A particle is suspended vertically from a point O by an inextensible massless spring of length $L$. A vertical line $AB$ is at a distance $L/8$ from O as shown. The object given a horizontal velocity $u$. At some point, its motion ceases to be circular and eventually the object passes through the line $AB$. At the instant of crossing $AB$, its velocity is horizontal. Find $u$.

Answer 1

Let the circular motion ceases at point $P$. At this point tension in the string vanishes. Let $v$ be the velocity at point $P$. Let $OP$ make angle $\theta$ with horizontal. Beyond $P$, the motion of the object is parabolic. The highest point of the parabolic path lies on $AB$. Obviously $PQ$ is equal to the half range of the projectile.

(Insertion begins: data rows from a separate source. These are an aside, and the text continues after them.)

Lemma solution_reflection_le (k f df u0 : R -> R) (u : R -> R -> R) (x1 c : R)
  (D : R -> Prop) :
  even_fun k -> decr_Rplus k -> (forall x, 0 <= k x) -> is_int_R k 1 ->
  C1_01 f df -> is_solution k f u0 u ->
  even_fun (fun y => u0 (y + x1)) -> decr_Rplus (fun y => u0 (y + x1)) ->
  (forall y, D y \/ D (2*c - y)) ->
  (forall x y, D x -> D y -> (x <= c /\ y <= c) \/ (c <= x /\ c <= y)) ->
  (forall x, D x -> Rabs (x - x1) <= Rabs (2*c - x - x1)) ->
  forall t x, 0 <= t -> D x -> u t (2*c - x) <= u t x.
Proof.
  intros k_even k_decr k_nonneg k_int1 f_C1 u_sol u0_even u0_decr
    D_covers D_same_side D_closer.
  destruct (C1_01_lipschitz f df f_C1) as [K [K_ge0 f_lip]].
  apply (reflection_comparison k f u0 u c K D k_even k_decr k_nonneg k_int1 u_sol
           K_ge0 f_lip D_covers D_same_side).
  intros x Dx. destruct u_sol as (_ & u_init & _). rewrite !u_init.
  pose proof (even_decr_le _ _ _ u0_even u0_decr (D_closer x Dx)) as Hu0.
  simpl in Hu0. now rewrite !Rplus_comm with (r2 := x1), !Rplus_minus in Hu0.
Qed.

Theorem theorem2p5
  (k f df u0 : R -> R) (u : R -> R -> R) (x1 : R)
  (* kernel *)
  (k_cont : forall x, continuous k x)
  (k_nonneg : forall x, 0 <= k x)
  (k_int1 : is_int_R k 1)
  (K1 : exists lam, 0 < lam /\
          ex_RInt_gen (fun x => k x * exp (lam * Rabs x))
            (Rbar_locally m_infty) (Rbar_locally p_infty))
  (K2 : exists a b, 0 < a /\ b < 0 /\ 0 < k a /\ 0 < k b)
  (* nonlinearity *)
  (f_C1 : C1_01 f df)
  (f0 : f 0 = 0) (f1 : f 1 = 0)
  (f_pos : forall s, 0 < s < 1 -> 0 < f s)
  (df0_pos : 0 < df 0)
  (f_KPP : forall s, 0 < s < 1 -> f s <= df 0 * s)
  (* initial datum *)
  (u0_cont : forall x, continuous u0 x)
  (u0_bnd : forall x, 0 <= u0 x <= 1)
  (* solution *)
  (u_sol : is_solution k f u0 u)
  (* symmetry hypotheses *)
  (k_even : even_fun k) (k_decr : decr_Rplus k)
  (u0_even : even_fun (fun y => u0 (y + x1)))
  (u0_decr : decr_Rplus (fun y => u0 (y + x1))) :
  forall t, 0 < t ->
    even_fun (fun y => u t (y + x1)) /\ decr_Rplus (fun y => u t (y + x1)).
Proof.
  intros t Ht.
  pose proof (fun c D => solution_reflection_le k f df u0 u x1 c D k_even k_decr
                k_nonneg k_int1 f_C1 u_sol u0_even u0_decr) as compare.
  assert (mirror : forall z, u t (2*x1 - z) <= u t z).
  { intros z. destruct (Rle_dec z x1).
    - apply (compare x1 (fun x => x <= x1)); intros; try lra.
      unfold Rabs; repeat destruct Rcase_abs; lra.
    - apply (compare x1 (fun x => x1 <= x)); intros; try lra.
      unfold Rabs; repeat destruct Rcase_abs; lra. }
  split.
  - intros y. replace (- y + x1) with (2*x1 - (y + x1)) by ring.
    pose proof (mirror (y + x1)). pose proof (mirror (2*x1 - (y + x1))).
    replace (2*x1 - (2*x1 - (y + x1))) with (y + x1) in * by ring. lra.
  - intros p q Hp Hpq.
    replace (q + x1) with (2*(x1 + (p + q)/2) - (p + x1)) by field.
    apply (compare (x1 + (p + q)/2) (fun x => x <= x1 + (p + q)/2)); intros; try lra.
    unfold Rabs; repeat destruct Rcase_abs; lra.
Qed.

Equation of motion of the particle at point $P$

$mg\sin \theta +T=\frac{m{v}^2}{L}$

as $T=0$

$v^2=gh\sin \theta ....\left(1\right)$

Applying law of conservation of mechanical energy during the motion from the lowest point to $P$ we have $\frac{1}{2}m{u}^2-\frac{1}{2}m{v}^2=mg(L+L\sin \theta )$

$u^2=v^2+2gL(1+\sin \theta )$ [substituting value of $v^2$]

$u^2=gL\sin theta+2gL(1+\sin \theta )=gL(2+3\sin \theta ).....\left(ii\right)$

From the equation of projectile

Half range $=\frac{v^2\sin \theta \cos \theta }{g}$

From geometry $PQ=\frac{v^2\sin \theta \cos \theta }{g}=L\cos \theta -\frac{L}{8}$

$v^2=\frac{gL}{\sin \theta \cos \theta }(\cos \theta -\frac{1}{8}).....\left(iii\right)$

From eq (i) and (iii)

$gL\sin \theta =\frac{gL}{\sin \theta \cos \theta }(\cos \theta -\frac{1}{8})\to \cos \theta =\frac{1}{2}$

$\theta ={60}^{\circ }$

Substituting in eq. (ii)

$u^2=gL(2+\frac{3\sqrt{3}}{2})$

$u=\sqrt{gL(2+\frac{3\sqrt{3}}{2})}$.